I have found a few things help with traditional laces. I pull mine tight and when i get to the first clasps i pull the laces around each other and then the the second clasp and keep doing the same until the top. This is hard to explain but think of it as instead of crossing like normal laces the same lace stays on the same side of the boot the whole time.

If i could draw i would make you a diagram. Then at the top when you do your normal cross the laces and pull tight before doing the loops, cross it over twice, this kinda locks it in place before you finish the knot.

I don't know if any of this makes sense but mine have never really loosened when like this.

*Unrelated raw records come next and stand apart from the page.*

(* Let $B$ be a unital $C^*$-algebra with a $*$-isomorphism $\psi:B\to M_n\otimes B$ satisfying $\psi(1)=I_n\otimes1$, let $A$ be a maximal abelian $*$-subalgebra of $B$, and let $\phi:A\to\mathbb{C}$ be a unital algebra homomorphism extended to a positive contraction $\phi:B\to\mathbb{C}$. If $\sigma_2(A)\subset A$, then $(\mathrm{id}\otimes e_{ij}\otimes\mathrm{id}^{\otimes(m-1)})(\phi_{m+1}(A))\subset\phi_m(A)$ for all $m\ge1$ and $1\le i,j\le n$.
   Context: $M_n=M_n(\mathbb{C})$, matrix units $E_{kl}$, identity $I_n$. Define $\psi_0=\mathrm{id}_B$, $\psi_{m+1}=(\mathrm{id}^{\otimes m}\otimes\psi)\circ\psi_m:B\to M_n^{\otimes(m+1)}\otimes B$. With $f(b)=I_n\otimes b$, $\sigma_2=\psi_2^{-1}\circ(\mathrm{id}\otimes f)\circ\psi_1:B\to B$. For $m\ge1$, $\phi_m=(\mathrm{id}^{\otimes m}\otimes\phi)\circ\psi_m:B\to M_n^{\otimes m}$. $e_{ij}:M_n\to\mathbb{C}$ is the linear functional $e_{ij}(E_{kl})=\delta_{ik}\delta_{jl}$, and $\mathrm{id}\otimes e_{ij}\otimes\mathrm{id}^{\otimes(m-1)}:M_n^{\otimes(m+1)}\to M_n^{\otimes m}$ applies $e_{ij}$ to the second tensor factor. *)

From mathcomp Require Import all_boot all_algebra.
From mathcomp Require Import reals.
From mathcomp.real_closed Require Import complex.
Import GRing.Theory Num.Theory.

Set Implicit Arguments.
Unset Strict Implicit.
Unset Printing Implicit Defensive.

Local Open Scope ring_scope.
Local Open Scope complex_scope.

Section Cstar.
Variable R : realType.
Local Notation C := (R[i]).
Variable B : algType C.

Definition is_unital_Cstar_algebra (star : B -> B) (nrm : B -> R) : Prop :=
  [/\ (forall x, star (star x) = x) /\
      (forall x y, star (x + y) = star x + star y) /\
      (forall (c : C) x, star (c *: x) = c^* *: star x) /\
      (forall x y, star (x * y) = star y * star x),
      (forall x, 0 <= nrm x) /\ (forall x, nrm x = 0 -> x = 0),
      (forall x y, nrm (x + y) <= nrm x + nrm y) /\
      (forall (c : C) x, (nrm (c *: x))%:C = `|c| * (nrm x)%:C),
      (forall x y, nrm (x * y) <= nrm x * nrm y) /\
      (forall x, nrm (star x * x) = nrm x ^+ 2)
    & (forall u : nat -> B,
        (forall e : R, 0 < e -> exists N, forall p q, (N <= p)%N -> (N <= q)%N ->
                                      nrm (u p - u q) < e) ->
        exists l : B, forall e : R, 0 < e -> exists N, forall p, (N <= p)%N ->
                                      nrm (u p - l) < e)].

Definition invertible (x : B) : Prop := exists y : B, y * x = 1 /\ x * y = 1.

(** Positive element: self-adjoint with spectrum in [0, +oo). *)
Definition positive_elt (star : B -> B) (b : B) : Prop :=
  star b = b /\ forall l : C, ~ invertible (b - l%:A) -> 0 <= l.

Definition star_subalgebra (star : B -> B) (A : B -> Prop) : Prop :=
  [/\ A 0,
      (forall x y, A x -> A y -> A (x + y)),
      (forall (c : C) x, A x -> A (c *: x)),
      (forall x y, A x -> A y -> A (x * y))
    & (forall x, A x -> A (star x))].

Definition abelian_set (A : B -> Prop) : Prop :=
  forall x y, A x -> A y -> x * y = y * x.

Definition maximal_abelian_star_subalgebra (star : B -> B) (A : B -> Prop) :=
  [/\ star_subalgebra star A, abelian_set A &
      forall A' : B -> Prop, star_subalgebra star A' -> abelian_set A' ->
        (forall x, A x -> A' x) -> forall x, A' x -> A x].

Definition positive_contraction (star : B -> B) (nrm : B -> R) (phi : B -> C) :=
  [/\ (forall (c : C) x y, phi (c *: x + y) = c * phi x + phi y),
      (forall b, positive_elt star b -> 0 <= phi b)
    & (forall b, `|phi b| <= (nrm b)%:C)].

Definition unital_hom_on (A : B -> Prop) (phi : B -> C) :=
  phi 1 = 1 /\ forall x y, A x -> A y -> phi (x * y) = phi x * phi y.

(** *-isomorphism psi : B -> M_n (x) B = M_n(B) (matrices over B, with the
    conjugate-transpose involution), unital. *)
Definition star_iso (n : nat) (star : B -> B) (psi : B -> 'M[B]_n) :=
  [/\ (forall (c : C) x y i j, psi (c *: x + y) i j = c *: psi x i j + psi y i j),
      (forall x y, psi (x * y) = psi x *m psi y),
      (forall x i j, psi (star x) i j = star (psi x j i))
    & bijective psi].

End Cstar.

(** An element of M_n^{(x) m} (x) X is represented by its matrix entries,
    indexed by multi-indices k, l : 'I_m -> 'I_n (the k-th coordinate is the
    row index in the (k+1)-th tensor factor M_n). *)
Section Tensors.
Variable n : nat.

Definition tens (X : Type) (m : nat) := ('I_m -> 'I_n) -> ('I_m -> 'I_n) -> X.

Definition minit m (k : 'I_m.+1 -> 'I_n) : 'I_m -> 'I_n :=
  fun p => k (widen_ord (leqnSn m) p).
Definition mlast m (k : 'I_m.+1 -> 'I_n) : 'I_n := k ord_max.

(** psi_0 = id, psi_{m+1} = (id^{(x)m} (x) psi) o psi_m *)
Fixpoint psi_iter (X : Type) (psi : X -> 'M[X]_n) (m : nat) : X -> tens X m :=
  match m return X -> tens X m with
  | 0 => fun b _ _ => b
  | m'.+1 => fun b k l =>
      psi (@psi_iter X psi m' b (@minit m' k) (@minit m' l)) (@mlast m' k) (@mlast m' l)
  end.

(** (id (x) f) : M_n (x) B -> M_n (x) M_n (x) B with f(b) = I_n (x) b *)
Definition id_tens_f (X : nzRingType) (x : tens X 1) : tens X 2 :=
  fun k l => if mlast k == mlast l then x (minit k) (minit l) else 0.

Definition phi_iter (X Y : Type) (psi : X -> 'M[X]_n) (phi : X -> Y) (m : nat)
  (b : X) : tens Y m := fun k l => phi (@psi_iter X psi m b k l).

Definition ins_second m (i : 'I_n) (k : 'I_m -> 'I_n) : 'I_m.+1 -> 'I_n :=
  fun p => if unlift (inord 1 : 'I_m.+1) p is Some q then k q else i.

(** id (x) e_ij (x) id^{(x)(m-1)} : M_n^{(x)(m+1)} -> M_n^{(x)m}, m >= 1 *)
Definition slice_second (Y : Type) m (i j : 'I_n) (x : tens Y m.+1) : tens Y m :=
  fun k l => x (ins_second i k) (ins_second j l).

End Tensors.

Arguments psi_iter {n X} psi m _ _ _.
Arguments phi_iter {n X Y} psi phi m _ _ _.

(* Put [t := psi^-1 ((id (x) e_ij) (psi_2 a))].  Since the fixed indices sit in
   the two innermost tensor factors, [phi_m t] is the [(i, j)]-slice of
   [phi_(m+1) a].  For [b] in [A], [b' := sigma_2 b] lies in [A] and satisfies
   [psi_2 b' = I_n (x) psi b]; slicing [a b' = b' a] gives
   [psi t * psi b = psi b * psi t], so [t] commutes with [A].  A maximal abelian
   *-subalgebra is its own commutant (split an element into self-adjoint parts),
   hence [t] lies in [A]. *)

From mathcomp Require Import all_boot all_algebra.
From mathcomp Require Import reals.
From mathcomp.real_closed Require Import complex.
Import GRing.Theory Num.Theory.

Set Implicit Arguments.
Unset Strict Implicit.

Local Open Scope ring_scope.
Local Open Scope complex_scope.

Section Commutant.
Variables (R : realType) (B : algType R[i]) (star : B -> B).
Hypothesis starK : involutive star.
Hypothesis starD : {morph star : x y / x + y}.
Hypothesis starZ : forall (c : R[i]) x, star (c *: x) = c^* *: star x.
Hypothesis starM : forall x y, star (x * y) = star y * star x.

Definition commutant (S : B -> Prop) (z : B) : Prop :=
  forall t, S t -> z * t = t * z.

Lemma starB x y : star (x - y) = star x - star y.
Proof. by rewrite starD -scaleN1r starZ conjCN1 scaleN1r. Qed.

Lemma commutant_star (S : B -> Prop) :
  (forall x, S x -> S (star x)) -> forall z, commutant S z -> commutant S (star z).
Proof.
move=> S_star z cz t St.
by rewrite -[t]starK -starM -cz ?starM //; apply: S_star.
Qed.

Lemma star_subalgebra_commutant (S : B -> Prop) :
  (forall x, S x -> S (star x)) -> star_subalgebra star (commutant S).
Proof.
move=> S_star; split.
- by move=> t _; rewrite mul0r mulr0.
- by move=> x y cx cy t St; rewrite mulrDl mulrDr cx // cy.
- by move=> c x cx t St; rewrite -scalerAl -scalerAr cx.
- by move=> x y cx cy t St; rewrite -mulrA cy // mulrA cx // mulrA.
- exact: commutant_star.
Qed.

Lemma sub_bicommutant (S : B -> Prop) x : S x -> commutant (commutant S) x.
Proof. by move=> Sx z cz; rewrite cz. Qed.

Lemma abelian_bicommutant (S : B -> Prop) :
  abelian_set S -> abelian_set (commutant (commutant S)).
Proof. by move=> abS y w cy cw; apply: cy => t St; apply: cw => t' St'; apply: abS. Qed.

Variable A : B -> Prop.
Hypothesis masaA : maximal_abelian_star_subalgebra star A.

(* The bicommutant of [A] and [h] is an abelian *-subalgebra containing [A]. *)
Lemma masa_selfadjoint h : star h = h -> commutant A h -> A h.
Proof.
move=> sa_h hA; have [[_ _ _ _ A_star] abA maxA] := masaA.
pose S t := A t \/ t = h.
have S_star : forall t, S t -> S (star t).
  by move=> t [At|->]; [left; apply: A_star | right].
have abS : abelian_set S.
  by move=> t t' [At|->] [At'|->] //; [apply: abA | rewrite hA | rewrite hA].
apply: (maxA (commutant (commutant S))).
- by apply/star_subalgebra_commutant/commutant_star.
- exact: abelian_bicommutant.
- by move=> x Ax; apply: sub_bicommutant; left.
- by apply: sub_bicommutant; right.
Qed.

Lemma masa_commutant x : commutant A x -> A x.
Proof.
move=> xA; have [[_ AD AZ _ A_star] _ _] := masaA.
have [_ cD cZ _ c_star] := @star_subalgebra_commutant A A_star.
pose h := x + star x; pose k := 'i *: (x - star x).
have -> : x = 2^-1 *: (h + (- 'i) *: k).
  rewrite /h /k (@scalerA _ B) mulNr -expr2 sqrCi opprK scale1r addrACA subrr addr0.
  by rewrite -mulr2n -(@scaler_nat _ B) (@scalerA _ B) mulVf ?scale1r // pnatr_eq0.
have cB : forall y z, commutant A y -> commutant A z -> commutant A (y - z).
  by move=> y z cy cz; rewrite -scaleN1r; apply: cD => //; apply: cZ.
apply/AZ/AD; last apply: AZ.
- apply: masa_selfadjoint; first by rewrite starD starK addrC.
  by apply: cD => //; apply: c_star.
- apply: masa_selfadjoint; last by apply/cZ/cB => //; apply: c_star.
  by rewrite starZ starB starK conjCi scaleNr -scalerN opprB.
Qed.

End Commutant.

(* [(id (x) e_ij) (psi_2 a)], as an element of [M_n (x) B]. *)
Definition psi2_slice {X : Type} {n : nat} (psi : X -> 'M[X]_n) (i j : 'I_n) (a : X)
  : 'M[X]_n := \matrix_(k, l) psi (psi a k l) i j.

Section SecondIterate.
Variables (B : pzRingType) (n : nat) (psi : B -> 'M[B]_n).
Hypothesis psiD : {morph psi : x y / x + y}.
Hypothesis psiM : {morph psi : x y / x * y >-> x *m y}.

Lemma psi_sum (I : Type) (r : seq I) (P : pred I) (F : I -> B) :
  psi (\sum_(x <- r | P x) F x) = \sum_(x <- r | P x) psi (F x).
Proof.
have psi0 : psi 0 = 0 by apply: (addrI (psi 0)); rewrite -psiD !addr0.
exact: (big_morph psi psiD psi0).
Qed.

Lemma psi2M x y k l :
  psi (psi (x * y) k l) = \sum_r psi (psi x k r) *m psi (psi y r l).
Proof. by rewrite psiM mxE psi_sum; apply: eq_bigr => r _; rewrite psiM. Qed.

Lemma mul_mx_scalarE m p (M : 'M[B]_(m, p)) c i j : (M *m c%:M) i j = M i j * c.
Proof.
rewrite mxE (bigD1 j) //= mxE eqxx mulr1n big1 ?addr0 // => r /negbTE r_j.
by rewrite mxE r_j mulr0n mulr0.
Qed.

Section Slice.
Variables (a b b' : B) (i j : 'I_n).
Hypothesis sigma_b : forall k l, psi (psi b' k l) = (psi b k l)%:M.

Lemma psi2_slice_mulr : psi2_slice psi i j (a * b') = psi2_slice psi i j a *m psi b.
Proof.
apply/matrixP => k l; rewrite !mxE psi2M summxE; apply: eq_bigr => r _.
by rewrite sigma_b mul_mx_scalarE mxE.
Qed.

Lemma psi2_slice_mull : psi2_slice psi i j (b' * a) = psi b *m psi2_slice psi i j a.
Proof.
apply/matrixP => k l; rewrite !mxE psi2M summxE; apply: eq_bigr => r _.
by rewrite sigma_b mul_scalar_mx !mxE.
Qed.

Lemma psi2_slice_commute :
  a * b' = b' * a -> psi2_slice psi i j a *m psi b = psi b *m psi2_slice psi i j a.
Proof. by move=> ab; rewrite -psi2_slice_mulr ab psi2_slice_mull. Qed.

End Slice.
End SecondIterate.

Section SecondIndex.
Variable n : nat.

Lemma ins_second_lift m (i : 'I_n) (k : 'I_m -> 'I_n) (q : 'I_m) :
  ins_second i k (lift (inord 1) q) = k q.
Proof. by rewrite /ins_second liftK. Qed.

Lemma ins_second_inord1 m (i : 'I_n) (k : 'I_m -> 'I_n) : ins_second i k (inord 1) = i.
Proof. by rewrite /ins_second unlift_none. Qed.

Lemma minit_ins_second m (i : 'I_n) (k : 'I_m.+2 -> 'I_n) (p : 'I_m.+2) :
  minit (ins_second i k) p = ins_second i (minit k) p.
Proof.
rewrite /minit; case: (unliftP (inord 1) p) => [q ->|->].
- have -> : widen_ord (leqnSn _) (lift (inord 1) q)
            = lift (inord 1) (widen_ord (leqnSn _) q) :> 'I_m.+3.
    by apply: val_inj; rewrite /= !inordK.
  by rewrite !ins_second_lift.
- have -> : widen_ord (leqnSn _) (inord 1) = inord 1 :> 'I_m.+3.
    by apply: val_inj; rewrite /= !inordK.
  by rewrite !ins_second_inord1.
Qed.

Lemma mlast_ins_second m (i : 'I_n) (k : 'I_m.+2 -> 'I_n) :
  mlast (ins_second i k) = mlast k.
Proof.
rewrite /mlast.
have -> : ord_max = lift (inord 1) ord_max :> 'I_m.+3 by apply: val_inj; rewrite /= inordK.
by rewrite ins_second_lift.
Qed.

Lemma psi_iterS (X : Type) (psi : X -> 'M[X]_n) m b (k l : 'I_m.+1 -> 'I_n) :
  psi_iter psi m.+1 b k l = psi (psi_iter psi m b (minit k) (minit l)) (mlast k) (mlast l).
Proof. by []. Qed.

Lemma eq_psi_iter (X : Type) (psi : X -> 'M[X]_n) m b (k k' l l' : 'I_m -> 'I_n) :
  k =1 k' -> l =1 l' -> psi_iter psi m b k l = psi_iter psi m b k' l'.
Proof.
elim: m k k' l l' => [//|m IH] k k' l l' kk' ll' /=.
by rewrite /mlast kk' ll' (IH _ (minit k') _ (minit l')) // => p; rewrite /minit.
Qed.

(* Inserting the fixed indices [i], [j] in position 2 of [psi_{m+1} a] only
   affects the first two applications of [psi], which produce the slice [psi t]. *)
Lemma psi_iter_ins_second (X : Type) (psi : X -> 'M[X]_n) (i j : 'I_n) a t :
  psi t = psi2_slice psi i j a -> forall m, (0 < m)%N -> forall k l,
  psi_iter psi m.+1 a (ins_second i k) (ins_second j l) = psi_iter psi m t k l.
Proof.
move=> psi_t [//|m] _; elim: m => [|m IH] k l.
  rewrite /= /mlast /minit psi_t mxE.
  have -> : ord_max = inord 1 :> 'I_2 by apply: val_inj; rewrite /= inordK.
  have -> : widen_ord (leqnSn 1) ord_max = lift (inord 1) ord_max :> 'I_2.
    by apply: val_inj; rewrite /= inordK.
  by rewrite !ins_second_inord1 !ins_second_lift.
rewrite psi_iterS [RHS]psi_iterS !mlast_ins_second -IH.
by congr (psi _ _ _); apply: eq_psi_iter => p; apply: minit_ins_second.
Qed.

Lemma psi_iter2_id_tens_f (X : nzRingType) (psi : X -> 'M[X]_n) b b' :
  (forall k l, psi_iter psi 2 b' k l = id_tens_f (psi_iter psi 1 b) k l) ->
  forall k l, psi (psi b' k l) = (psi b k l)%:M.
Proof.
move=> sigma_b k l; apply/matrixP => k1 l1; rewrite mxE.
have := sigma_b (fun p : 'I_2 => if val p == 0%N then k else k1)
                (fun p : 'I_2 => if val p == 0%N then l else l1).
by rewrite /id_tens_f /= => ->; case: eqP.
Qed.

End SecondIndex.

Theorem proposition3p7 (R : realType) (B : algType R[i]) (star : B -> B) (nrm : B -> R)
  (n : nat) (psi : B -> 'M[B]_n) (A : B -> Prop) (phi : B -> R[i]) :
  is_unital_Cstar_algebra star nrm ->
  star_iso star psi ->
  psi 1 = 1%:M ->
  maximal_abelian_star_subalgebra star A ->
  unital_hom_on A phi ->
  positive_contraction star nrm phi ->
  (* sigma_2(A) \subset A, with sigma_2 = psi_2^{-1} o (id (x) f) o psi_1 *)
  (forall a, A a -> exists a', A a' /\
     forall k l, psi_iter psi 2 a' k l = id_tens_f (psi_iter psi 1 a) k l) ->
  forall m : nat, (1 <= m)%N -> forall i j : 'I_n,
  forall a, A a -> exists a', A a' /\
     forall k l, slice_second i j (phi_iter psi phi m.+1 a) k l = phi_iter psi phi m a' k l.
Proof.
move=> [[starK [starD [starZ starM]]] _ _ _ _] [psi_lin psiM _ [g psiK gK]] _ masaA _ _
  sigma2A m m_gt0 i j a Aa.
have psiD : {morph psi : x y / x + y}.
  by move=> x y; apply/matrixP => k l; rewrite mxE -[psi x k l](@scale1r _ B) -psi_lin scale1r.
pose t := g (psi2_slice psi i j a).
have psi_t : psi t = psi2_slice psi i j a by apply: gK.
exists t; split; last first.
  by move=> k l; rewrite /slice_second /phi_iter (psi_iter_ins_second psi_t).
apply: (masa_commutant starK starD starZ starM masaA) => b Ab.
have [b' [Ab' /psi_iter2_id_tens_f sigma_b]] := sigma2A b Ab.
apply: (can_inj psiK); rewrite !psiM psi_t.
apply: (psi2_slice_commute psiD psiM _ _ sigma_b).
by have [_ abA _] := masaA; apply: abA.
Qed.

Ohh in fact i found a video that shows exactly what i mean. Traditional Lacing System - ThirtyTwo Boots - YouTube


----------



## Cruiserdude (Jan 17, 2011)

I've got a pair of the Nike Vapens and I think they're great. I echo snowfiend that you should get boots that are pretty snug as they are, but I do the same thing cjcameron11 does with crossing the laces. First thing is you pull each set of laces in the liner and make them snug, and wrap the excess lace around your ankle, then tighten each set of laces for the bottom of the boot. Pull tight, cross the laces around each other for one full twist, pull tight, and put them in the first set of clasps. Then push the tongue in tight with your hand, and repeat the process of double-crossing the laces and hit the next clasp, and then pull tight and knot them. I just do a standard over-hand loop, tuck the excess into my boot gaiters, and they stay tight all day long.

I think its called hockey skate style lacing, google for a video. Honestly though, I've found the traditional lacing of these Nikes to be far superior to any speed lacing I've tried in terms of comfort and adjustability.


----------



## Basti (Sep 22, 2011)

Thanks a lot guys! The descriptions and the video are very helpful. I've also found a little tool that is used by hockey players, called lace tightener. A little $2 hook to make it all snug. I'll try it both. Thanks again!


----------



## Cruiserdude (Jan 17, 2011)

Nice! Yeah, I just found a video that shows you how to use a lace puller, he's actually doing it with snowboard boots, so there ya go.

Personally I can get it as tight as I want by hand, I see no reason to overtighten if the boots are a proper, snug fit, but that looks like an easy way to get them a bit more snug if you need it.


----------



## john doe (Nov 6, 2009)

On my Salomon F20's I found that just pulling the speed lace would leave the bottom two crosses loose. I helped this by rubbing some paraffin wax on the laces. It lets them slide easier so the get equally tight.


----------